Sorry Sully, my argument truly is NOT with you. My argument is very much one with some ill-informed modern writers who have misconstrued the term "Variant" at best, and completely lost the historical context of this fly at worst. J. Edson Leonard in "Flies" says this about the Variant, a fly he lists under general categories of fly styles, like Bivisibles, Fore-and-Aft, etc.:

"The Variant is purely an American version of the dry fly...The Variant type is dressed with a hackle several sizes larger than regular...The neatest variants are tied with hackle-tip wings a little shorter thant the wings of a regular fly, cocked approximately midway between the position of the spent-wing and the upright. "

From a book that's only a couple of years old, Terry Hellekson also gets it right with this description of the fly type "Variant".

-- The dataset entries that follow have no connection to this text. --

(* Let $\mathfrak{A}$ be an atomic weakly associative relation algebra, let $\mathfrak{B}=\langle B,T_\kappa,E_{\kappa\lambda}\rangle_{\kappa,\lambda<3}$ be its suitable structure, and let $t=\langle t_0,t_1,t_2\rangle\in B$. Then (i) $E_{10}\cap T^*_0\{t\}=\{\langle t_0,t_0,t_0^{\mathsf d}\rangle\}$, (ii) $E_{01}\cap T^*_1\{t\}=\{\langle t_1,t_1,t_1^{\mathsf d}\rangle\}$, (iii) $E_{12}\cap T^*_2\{t\}=\{\langle t_2^{\mathsf r},t_2,t_2\rangle\}$, (iv) $E_{21}\cap T^*_1\{t\}=\{\langle t_1^{\mathsf r},t_1,t_1\rangle\}$, (v) $E_{02}\cap T^*_2\{t\}=\{\langle \breve{t_2},t_2^{\mathsf d},t_2\rangle\}$, (vi) $E_{20}\cap T^*_0\{t\}=\{\langle t_0,t_0^{\mathsf r},\breve{t_0}\rangle\}$.
   Context: WA: algebras $\langle A,+,\overline{\phantom{x}},;,\breve{\phantom{x}},1'\rangle$ with $x\cdot y=\overline{\overline{x}+\overline{y}}$, $0'=\overline{1'}$, $1=1'+0'$, $0=\overline{1}$, satisfying for all $x,y,z$: $x+y=y+x$; $x+(y+z)=(x+y)+z$; $\overline{\overline{x}+\overline{y}}+\overline{\overline{x}+y}=x$; $((x\cdot 1');1);1=(x\cdot1');1$; $(x+y);z=x;z+y;z$; $x;1'=x$; $\breve{\breve{x}}=x$; $\breve{(x+y)}=\breve{x}+\breve{y}$; $\breve{(x;y)}=\breve{y};\breve{x}$; $\breve{x};\overline{x;y}+\overline{y}=\overline{y}$. Domain and range: $x^{\mathsf d}=(x;\breve{x})\cdot1'$, $x^{\mathsf r}=(\breve{x};x)\cdot1'$. Suitable structure: $B=\{s\in{}^3\mathrm{At}(\mathfrak{A}): s_2;s_0\ge s_1\}$; $T_\kappa=\{\langle s,t\rangle\in B\times B:s_\kappa=t_\kappa\}$; $E_{\kappa\kappa}=B$; for distinct $\kappa,\lambda$ with third index $\mu$, $E_{\kappa\lambda}=\{s\in B:s_\mu\le1'\}$. $T^*_\kappa(X)=\{y\in B:\exists x\in X\ \langle y,x\rangle\in T_\kappa\}$. *)

Record WA := {
  car :> Type;
  plus : car -> car -> car;
  compl : car -> car;
  comp : car -> car -> car;
  conv : car -> car;
  one' : car;
  (* derived operations are defined below; axioms are written with them unfolded *)
  ax_plusC : forall x y, plus x y = plus y x;
  ax_plusA : forall x y z, plus x (plus y z) = plus (plus x y) z;
  ax_huntington : forall x y,
      plus (compl (plus (compl x) (compl y))) (compl (plus (compl x) y)) = x;
  ax_wassoc : forall x,
      let one := plus one' (compl one') in
      let meet1' := compl (plus (compl x) (compl one')) in
      comp (comp meet1' one) one = comp meet1' one;
  ax_compDl : forall x y z, comp (plus x y) z = plus (comp x z) (comp y z);
  ax_comp1' : forall x, comp x one' = x;
  ax_convK : forall x, conv (conv x) = x;
  ax_convD : forall x y, conv (plus x y) = plus (conv x) (conv y);
  ax_convM : forall x y, conv (comp x y) = comp (conv y) (conv x);
  ax_tarski : forall x y,
      plus (comp (conv x) (compl (comp x y))) (compl y) = compl y
}.

Section Ops.
Variable A : WA.
Definition meet (x y : A) : A := compl A (plus A (compl A x) (compl A y)).
Definition diversity : A := compl A (one' A).
Definition top : A := plus A (one' A) diversity.
Definition bot : A := compl A top.
Definition le (x y : A) : Prop := plus A x y = y.
Definition dom (x : A) : A := meet (comp A x (conv A x)) (one' A).
Definition ran (x : A) : A := meet (comp A (conv A x) x) (one' A).

Definition is_atom (a : A) : Prop :=
  a <> bot /\ forall x, le x a -> x = bot \/ x = a.
Definition atomic : Prop :=
  forall x : A, x <> bot -> exists a, is_atom a /\ le a x.

Definition triple := (A * A * A)%type.
Definition t0 (s : triple) : A := fst (fst s).
Definition t1 (s : triple) : A := snd (fst s).
Definition t2 (s : triple) : A := snd s.
Definition mk3 (a b c : A) : triple := (a, b, c).

Inductive idx := I0 | I1 | I2.
Definition proj (k : idx) (s : triple) : A :=
  match k with I0 => t0 s | I1 => t1 s | I2 => t2 s end.
Definition third (k l : idx) : idx :=
  match k, l with
  | I0, I1 | I1, I0 => I2
  | I0, I2 | I2, I0 => I1
  | _, _ => I0
  end.

Definition Bset (s : triple) : Prop :=
  is_atom (t0 s) /\ is_atom (t1 s) /\ is_atom (t2 s) /\
  le (t1 s) (comp A (t2 s) (t0 s)).
Definition Trel (k : idx) (s t : triple) : Prop :=
  Bset s /\ Bset t /\ proj k s = proj k t.
Definition Eset (k l : idx) (s : triple) : Prop :=
  if (match k, l with I0,I0 | I1,I1 | I2,I2 => true | _,_ => false end)
  then Bset s
  else Bset s /\ le (proj (third k l) s) (one' A).
Definition Tstar (k : idx) (X : triple -> Prop) (y : triple) : Prop :=
  Bset y /\ exists x, X x /\ Trel k y x.
End Ops.
Arguments dom {A}. Arguments ran {A}. Arguments mk3 {A}.
Arguments t0 {A}. Arguments t1 {A}. Arguments t2 {A}.

(* Everything follows from the cycle law, which for atoms reads: a ≤ b ⨾ c iff c ≤ b˘ ⨾ a iff
   b ≤ a ⨾ c˘. When the coordinate constrained by E is a subidentity atom e, either e is
   composed with the atom fixed by T, and since e ⨾ x ≤ x the remaining coordinate equals
   that atom; or e ≤ b ⨾ c, and the cycle law gives c ≤ b˘ ⨾ e ≤ b˘. In both cases e is then
   pinned down because x^d is the unique subidentity atom e with x ≤ e ⨾ x (dually for x^r).
   That x^d is an atom at all needs weak associativity: a second subidentity atom e' below
   a ⨾ a˘ ≤ e ⨾ a ⨾ a˘ lies below (e ⨾ 1) ⨾ 1 = e ⨾ 1, which forces e ⨾ e' ≠ 0, i.e. e = e'. *)

From Stdlib Require Import Setoid Classical.

Declare Scope wa_scope.
Notation "x + y" := (plus _ x y) : wa_scope.
Notation "- x" := (compl _ x) : wa_scope.
Notation "x ⊓ y" := (meet _ x y) (at level 40, left associativity) : wa_scope.
Notation "x ⨾ y" := (comp _ x y) (at level 40, left associativity) : wa_scope.
Notation "x ˘" := (conv _ x) (at level 2, left associativity, format "x ˘") : wa_scope.
Notation "x ≤ y" := (le _ x y) (at level 70, no associativity) : wa_scope.
Notation "1'" := (one' _) : wa_scope.
Notation "⊤" := (top _) : wa_scope.
Notation "⊥" := (bot _) : wa_scope.
Local Open Scope wa_scope.

Section BooleanReduct.
Context {A : WA}.
Implicit Types x y z : A.

Lemma joinC x y : x + y = y + x. Proof. apply ax_plusC. Qed.
Lemma joinA x y z : x + (y + z) = x + y + z. Proof. apply ax_plusA. Qed.
Lemma meetC x y : x ⊓ y = y ⊓ x. Proof. unfold meet. now rewrite joinC. Qed.

Lemma meet_split x y : x ⊓ y + x ⊓ - y = x.
Proof. rewrite joinC. apply ax_huntington. Qed.

Lemma joinACA x y z w : x + y + (z + w) = x + z + (y + w).
Proof. rewrite <- !joinA. f_equal. rewrite !joinA. f_equal. apply joinC. Qed.

(* Split [x] and [-x] along [1'], then regroup the four pieces as a split of [1'] and one of [-1']. *)
Lemma join_compl x : x + - x = ⊤.
Proof.
  transitivity (x ⊓ 1' + x ⊓ - 1' + (- x ⊓ 1' + - x ⊓ - 1')).
  { now rewrite !meet_split. }
  rewrite joinACA, !(meetC _ 1'), !(meetC _ (- 1')), !meet_split.
  reflexivity.
Qed.

Lemma meet_compl x : x ⊓ - x = ⊥.
Proof. unfold meet, bot. now rewrite join_compl. Qed.

Lemma complK x : - - x = x.
Proof.
  pose proof (meet_split (- - x) x) as Hnn.
  pose proof (meet_split x (- x)) as Hx.
  rewrite (meetC _ (- x)), meet_compl in Hnn. rewrite meet_compl, joinC in Hx.
  now rewrite meetC, Hx in Hnn.
Qed.

Lemma compl_bot : - ⊥ = top A.
Proof. apply complK. Qed.

Lemma join_bot x : x + ⊥ = x.
Proof.
  assert (Htb : ⊤ + ⊥ = top A) by apply join_compl.
  assert (Hsplit : - (⊤ + ⊤) + ⊥ = bot A).
  { pose proof (meet_split ⊥ ⊥) as H.
    rewrite meet_compl in H. unfold meet in H. now rewrite compl_bot in H. }
  assert (Htt : ⊤ + ⊤ = top A).
  { transitivity (top A + ⊤ + (- (⊤ + ⊤) + ⊥)).
    - now rewrite Hsplit, <- joinA, Htb.
    - now rewrite joinA, join_compl. }
  assert (Hbb : ⊥ + ⊥ = bot A) by (rewrite Htt in Hsplit; exact Hsplit).
  pose proof (meet_split x x) as H. rewrite meet_compl in H.
  now rewrite <- H, <- joinA, Hbb.
Qed.

Lemma meet_idem x : x ⊓ x = x.
Proof. rewrite <- (join_bot (x ⊓ x)), <- (meet_compl x). apply meet_split. Qed.

Lemma join_idem x : x + x = x.
Proof.
  pose proof (meet_idem (- x)) as H. unfold meet in H. rewrite complK in H.
  now rewrite <- (complK (x + x)), H, complK.
Qed.

Lemma le_refl x : x ≤ x. Proof. apply join_idem. Qed.

Lemma le_trans x y z : x ≤ y -> y ≤ z -> x ≤ z.
Proof. unfold le. intros Hxy Hyz. now rewrite <- Hyz, joinA, Hxy. Qed.

Lemma le_antisym x y : x ≤ y -> y ≤ x -> x = y.
Proof. unfold le. intros Hxy Hyx. now rewrite <- Hxy, <- Hyx at 1; rewrite joinC. Qed.
(* Let $G$ be a torsionless abelian group and $H\subseteq G$ a subgroup. Then $G$ binds $H$ if and only if every homomorphism $G\to\mathbb{Z}^{(\omega)}$ maps $H$ onto a group of finite rank. Moreover, $G$ binds itself if and only if $G$ does not admit a homomorphism onto $\mathbb{Z}^{(\omega)}$, if and only if $G$ does not have a direct summand isomorphic to $\mathbb{Z}^{(\omega)}$.
   Context: All groups are abelian. $\mathbb{Z}^{(\omega)}=\bigoplus_{n\in\omega}\mathbb{Z}$ is the direct sum of countably many copies of $\mathbb{Z}$ (the free abelian group of countably infinite rank). A group is torsionless if it embeds in $\mathbb{Z}^I$ for some set $I$ (equivalently, homomorphisms to $\mathbb{Z}$ separate its points). Rank means torsion-free rank (the dimension of $G\otimes\mathbb{Q}$ over $\mathbb{Q}$). A group $G$ binds a subgroup $H$ if every homomorphism from $G$ to a free abelian group maps $H$ into a group of finite rank. *)

(* abelian groups are zmodTypes, homomorphisms are additive maps. *)
From HB Require Import structures.
From mathcomp Require Import all_boot all_order all_algebra.
Set Implicit Arguments. Unset Strict Implicit. Unset Printing Implicit Defensive.
Import Order.TTheory GRing.Theory Num.Theory.
Local Open Scope ring_scope.

Definition is_subgroup (G : zmodType) (H : G -> Prop) : Prop :=
  H 0 /\ (forall x y, H x -> H y -> H (x - y)).

Definition image_of (U V : Type) (f : U -> V) (H : U -> Prop) : V -> Prop :=
  fun y => exists2 x, H x & f x = y.

Definition Zindep (V : zmodType) (s : seq V) : Prop :=
  forall c : seq int, size c = size s ->
    \sum_(i < size s) (s`_i *~ c`_i) = 0 -> forall i, c`_i = 0.

(* Torsion-free rank (dim of S (x) Q) is finite: Z-independent families
   contained in S have bounded size. *)
Definition finite_rank (V : zmodType) (S : V -> Prop) : Prop :=
  exists n : nat, forall s : seq V, (forall x, x \in s -> S x) ->
    Zindep s -> (size s <= n)%N.

Definition free_abelian (F : zmodType) : Prop :=
  exists (I : eqType) (b : I -> F),
    (forall x : F, exists (s : seq I) (c : seq int),
        x = \sum_(i < size s) ((map b s)`_i *~ c`_i))
  /\ (forall s : seq I, uniq s -> Zindep (map b s)).

Definition binds (G : zmodType) (H : G -> Prop) : Prop :=
  forall (F : zmodType), free_abelian F ->
    forall f : {additive G -> F}, finite_rank (image_of f H).

(* Z^(omega) = direct sum of countably many copies of Z, realised as the
   additive group of integer polynomials (finitely supported sequences in Z). *)
Definition Zomega : zmodType := {poly int}.

Definition torsionless (G : zmodType) : Prop :=
  forall x : G, x != 0 -> exists f : {additive G -> int}, f x != 0.

Definition has_Zomega_summand (G : zmodType) : Prop :=
  exists (A B : G -> Prop), [/\ is_subgroup A, is_subgroup B,
    (forall x, A x -> B x -> x = 0),
    (forall x, exists a b, [/\ A a, B b & x = a + b]) &
    (exists f : {additive Zomega -> G}, injective f /\
      (forall y, A y <-> exists z, f z = y))].

From HB Require Import structures.
From mathcomp Require Import all_boot all_order all_algebra.
From Stdlib Require Import ClassicalEpsilon Classical.
Set Implicit Arguments. Unset Strict Implicit. Unset Printing Implicit Defensive.
Import Order.TTheory GRing.Theory Num.Theory.
Local Open Scope ring_scope.

(* If f maps G to a free group F and f(H) has infinite rank, choose independent
   families of every finite size in f(H).  Only countably many basis vectors of F
   occur in them, and projecting F onto these coordinates gives a map
   F -> Z^(omega) under which every family stays independent: so binding can be
   tested on maps to Z^(omega).
   If f : G -> Z^(omega) has image of infinite rank, then for each degree n the
   coefficients of X^n in elements of f(G) of degree <= n form an ideal d_n Z;
   lifts of the generators form a triangular basis of f(G), with infinitely many
   d_n nonzero, and the coordinates along it map G onto Z^(omega).
   A map onto the free group Z^(omega) splits, which gives the direct summand;
   conversely, the projection onto such a summand maps G onto Z^(omega). *)

(** * Linear combinations and coordinates *)

Section LinearCombinations.
Variables (V : zmodType) (I : eqType) (b : I -> V).

Definition lincomb (r : seq (I * int)) : V := \sum_(p <- r) b p.1 *~ p.2.
Definition lincoef (r : seq (I * int)) (i : I) : int := \sum_(p <- r | p.1 == i) p.2.
Definition lin_indep : Prop := forall r, lincomb r = 0 -> forall i, lincoef r i = 0.

Definition oppcomb (r : seq (I * int)) := [seq (p.1, - p.2) | p <- r].

Lemma lincombB r1 r2 : lincomb (r1 ++ oppcomb r2) = lincomb r1 - lincomb r2.
Proof.
rewrite /lincomb big_cat big_map -sumrN /=.
by congr (_ + _); apply: eq_bigr => p _; rewrite mulrNz.
Qed.

Lemma lincoefB r1 r2 i : lincoef (r1 ++ oppcomb r2) i = lincoef r1 i - lincoef r2 i.
Proof. by rewrite /lincoef big_cat big_map -sumrN. Qed.

Lemma lincoef_notin r i : i \notin map fst r -> lincoef r i = 0.
Proof.
move=> ir; rewrite /lincoef big1_seq // => p /andP[/eqP pi pr].
by case/negP: ir; rewrite -pi map_f.
Qed.

Lemma lincomb_regroup r : lincomb r = \sum_(i <- undup (map fst r)) b i *~ lincoef r i.
Proof.
under [RHS]eq_bigr => i _ do rewrite mulrz_sumr big_mkcond.
rewrite exchange_big /lincomb; apply: eq_big_seq => p pr /=.
rewrite -big_mkcond -big_filter.
under eq_filter => i do rewrite eq_sym.
by rewrite filter_pred1_uniq ?undup_uniq ?mem_undup ?map_f // big_seq1.
Qed.

Lemma lincomb_split i r :
  lincomb r = lincomb [seq p <- r | p.1 != i] + b i *~ lincoef r i.
Proof.
rewrite /lincomb /lincoef (bigID (fun p => p.1 == i)) /= addrC big_filter mulrz_sumr.
by congr (_ + _); apply: eq_bigr => p /eqP ->.
Qed.

Lemma lincoef_filter i j r : j != i ->
  lincoef [seq p <- r | p.1 != i] j = lincoef r j.
Proof.
move=> ji; rewrite /lincoef big_filter_cond; apply: eq_bigl => p.
by case: (eqVneq p.1 j) => [->|]; rewrite ?ji ?andbF.
Qed.

Lemma lincoef_unique : lin_indep ->
  forall r1 r2 i, lincomb r1 = lincomb r2 -> lincoef r1 i = lincoef r2 i.
Proof.
move=> indep r1 r2 i e; apply/eqP; rewrite -subr_eq0 -lincoefB; apply/eqP.
by apply: indep; rewrite lincombB e subrr.
Qed.

End LinearCombinations.

Section Coordinates.
Variables (G V : zmodType) (I : eqType) (b : I -> V) (f : {additive G -> V}).
Variable rep : G -> seq (I * int).
Hypotheses (b_indep : lin_indep b) (repP : forall x, f x = lincomb b (rep x)).

Definition coord (i : I) (x : G) : int := lincoef (rep x) i.

Lemma coord_lincomb x r i : f x = lincomb b r -> coord i x = lincoef r i.
Proof. by move=> fx; apply: (lincoef_unique b_indep); rewrite -repP. Qed.

Lemma coord_is_zmod_morphism i : zmod_morphism (coord i).
Proof.
move=> x y; rewrite -lincoefB; apply: coord_lincomb.
by rewrite lincombB -!repP raddfB.
Qed.
HB.instance Definition _ i :=
  GRing.isZmodMorphism.Build G int (coord i) (coord_is_zmod_morphism i).

Lemma coord_supp i x : coord i x != 0 -> i \in map fst (rep x).
Proof. by rewrite /coord; apply: contraR => /lincoef_notin ->. Qed.

Lemma coord_eq0 x : (forall i, coord i x = 0) -> f x = 0.
Proof.
by move=> x0; rewrite repP lincomb_regroup big1 // => i _; rewrite -/(coord i x) x0.
Qed.

Variables (decode : nat -> option I) (rank : I -> nat).
Hypothesis decode_rank : forall k i, decode k = Some i -> (k <= rank i)%N.

Definition proj_coef (k : nat) (x : G) : int := oapp (coord^~ x) 0 (decode k).

(* An index [i] is only decoded at positions [k <= rank i]; this makes [proj x] a
   polynomial. *)
Definition proj (x : G) : Zomega :=
  \poly_(k < \max_(i <- map fst (rep x)) (rank i).+1) proj_coef k x.

Lemma coef_proj x k : (proj x : {poly int})`_k = proj_coef k x.
Proof.
rewrite coef_poly; case: ltnP => // ge_k; rewrite /proj_coef.
case dk: (decode k) => [i|] //=; case: (eqVneq (coord i x) 0) => // /coord_supp ix.
have := @leq_bigmax_seq _ _ predT (fun i => (rank i).+1) _ ix isT.
by move/(leq_ltn_trans (decode_rank dk)); rewrite ltnNge ge_k.
Qed.

Lemma proj_is_zmod_morphism : zmod_morphism proj.
Proof.
move=> x y; apply/polyP => k; rewrite coefB !coef_proj /proj_coef.
by case: (decode k) => [i|] /=; rewrite ?raddfB ?subr0.
Qed.
HB.instance Definition _ :=
  GRing.isZmodMorphism.Build G Zomega proj proj_is_zmod_morphism.

Lemma Zomega_projection : exists P : {additive G -> Zomega},
  forall x k, (P x : {poly int})`_k = proj_coef k x.
Proof. by exists proj; exact: coef_proj. Qed.

Lemma coord_comb_supp i (ys : seq G) (c : seq int) :
  coord i (\sum_(j < size ys) ys`_j *~ c`_j) != 0 ->
  exists2 y, y \in ys & i \in map fst (rep y).
Proof.
move=> nz; apply: NNPP => none; move/eqP: nz; apply.
rewrite raddf_sum big1 // => j _.
have cj : coord i ys`_j = 0.
  apply/eqP; apply: contraT => /coord_supp ij.
  by case: none; exists ys`_j; rewrite ?mem_nth.
by rewrite raddfMz /= cj mul0rz.
Qed.

End Coordinates.

(** * Free abelian groups and Z^(omega) *)

Lemma sum_nth_map (V : zmodType) (U : Type) (g : U -> V) (h : U -> int) (u : seq U) :
  \sum_(j < size (map g u)) (map g u)`_j *~ (map h u)`_j = \sum_(x <- u) g x *~ h x.
Proof.
elim: u => [|a u IH]; first by rewrite big_ord0 big_nil.
by rewrite /= big_ord_recl big_cons -IH.
Qed.

Lemma free_abelian_lin_basis (F : zmodType) : free_abelian F ->
  exists (I : eqType) (b : I -> F), lin_indep b /\ forall x, exists r, x = lincomb b r.
Proof.
case=> I [b [b_span b_indep]]; exists I, b; split.
  move=> r r0 i; set u := undup (map fst r).
  have [iu|] := boolP (i \in u); last by rewrite mem_undup => /lincoef_notin.
  have := b_indep u (undup_uniq _) (map (lincoef r) u).
  rewrite sum_nth_map -lincomb_regroup r0 !size_map => /(_ erefl erefl (index i u)).
  by rewrite (nth_map i) ?index_mem // nth_index.
move=> x; have [s [c ->]] := b_span x; elim: s c => [|a s IH] c.
  by exists [::]; rewrite big_ord0 /lincomb big_nil.
have [r er] := IH (behead c); exists ((a, c`_0) :: r).
rewrite big_ord_recl /lincomb big_cons -/(lincomb b r) -er.
by congr (_ + _); apply: eq_bigr => i _; rewrite nth_behead.
Qed.

Lemma Zindep_map (V W : zmodType) (h : {additive V -> W}) (s : seq V) :
  Zindep s ->
  (forall c : seq int, h (\sum_(i < size s) s`_i *~ c`_i) = 0 ->
     \sum_(i < size s) s`_i *~ c`_i = 0) ->
  Zindep (map h s).
Proof.
move=> s_indep h_inj c; rewrite size_map => sc hc; apply: s_indep sc _; apply: h_inj.
by rewrite -hc raddf_sum; apply: eq_bigr => i _; rewrite (nth_map 0) // raddfMz.
Qed.
Theorem lemma5p11 (R : realType) (k : fieldType) (hk : [pchar k] =i pred0)
  (l1 l2 : nat) (hl1 : (0 < l1)%N) (hl2 : (0 < l2)%N)
  (F : nat -> nat -> nat -> ps k (l1 + l2)) (HF : is_Scat F)
  (d1 d2 a b kk : nat) (hab : coprime a b) (hkk : (1 <= kk)%N)
  (hb : (0 < b)%N) (hd2 : (0 < d2)%N) :
  ((d1%:R / d2%:R <= (kk * a * b + 1)%:R / (kk * b ^ 2)%:R :> rat) /\
   (a%:R / b%:R < d1%:R / d2%:R :> rat)) \/
  (((kk * a ^ 2)%:R / (kk * a * b + 1)%:R <= d1%:R / d2%:R :> rat) /\
   (d1%:R / d2%:R < a%:R / b%:R :> rat)) ->
  one_bending R F d1 d2 a b kk.
Proof.
move=> slopes Q beta tau ms cs beta_broken m_last off_axes.
have {slopes} slopes :
    (d1 * (kk * b ^ 2) <= (kk * a * b + 1) * d2 /\ a * d2 < d1 * b)%N \/
    (kk * a ^ 2 * d2 <= d1 * (kk * a * b + 1) /\ d1 * b < a * d2)%N.
  have kb2_gt0 : (0 < kk * b ^ 2)%N by rewrite muln_gt0 expn_gt0 hb hkk.
  by move: slopes; rewrite !ler_nat_frac ?ltr_nat_frac ?addn1.
have [_ [size_ms _ m_first _] _ _ _] := beta_broken.
set m := nth _ ms in m_first m_last *.
move: m_last; rewrite (last_nth (- d1%:Z, - d2%:Z)) size_ms /= -/m => m_last.
case: (ltngtP (size tau) 1) => [|two_bends|//].
  by rewrite ltnS leqn0 => /eqP tau0; move: m_last; rewrite tau0 m_first => -[_]; lia.
have [quad0 cross_pos gap1_ge0 gap2_ge0] :=
  broken_line_two_bends beta_broken off_axes two_bends.
have m1E : m 1%N = m 0%N + jump m 0 by rewrite /jump addrC subrK.
rewrite -/m m_last m1E m_first !PoszM in cross_pos gap1_ge0 gap2_ge0.
have kk_gt0 : 0 < kk%:Z by rewrite ltz_nat.
have [u1 u2 sep] := first_jump_between kk_gt0 quad0 cross_pos gap1_ge0 gap2_ge0.
exfalso; apply: (no_lattice_vector_between _ _ _ _ u1 u2 sep); lia.
Qed.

"Dr. William Baigent of England gave us the Variant design around 1875. Tha Variants are tied the same as spiders, with one exception-they have wings. Many prefer the Variants over the Spiders just for that reason, thinking that the fish may have some slight advantage from distant angles, and a wing might possibly make a difference."

Dick Stewart's Universal Fly Tying guide has the Variant listed under "Dry Fly hackle Variations", along with thorax, parachute, spider, full and sparse" and I could go along with that.

Dave Hughes in "Trout Flies" (1999) says this:

"Variants have overlength tails and ovesize hackles, and they imitate the impressions made by an insect's appendages dimpling the water rather than representing the insect itself".

Of course, the most famous Variant of all is Art Flick's Gray Fox Variant. I think this is where some of the confusion over the term Variant originates. I think people see this fly as a variation of Preston Jennings Gray Fox, which it most certainly is. I think they then assume that Variant in this case means variation, which it most certainly does not. In the words of Flick from "Master Fly Tying Guide":

"in all cases the hackle sizes are much larger thay would be if tied on a conventional dry fly. For example, if I were making the Variant on a size 12 hook, the hackles would be about the size or larger than they would be if I were making a size 8 or 6 regular fly. A size 18 Variant would have hackles the size that one would use on about a size 14 fly."

I could site many, many more examples from all sorts of fishing and tying literature to support the notion that the Variant is a type or style of fly, as is the parachute, thorax, bivisible, etc. Now I will say that I've seen several sources that call certain strains of hackle "variants", typically ones that are multicolored or stripped. That said, when referring to flies themselves, a Variant is a very specific fly type, and not simply any change to a known pattern. I hope this clears this up.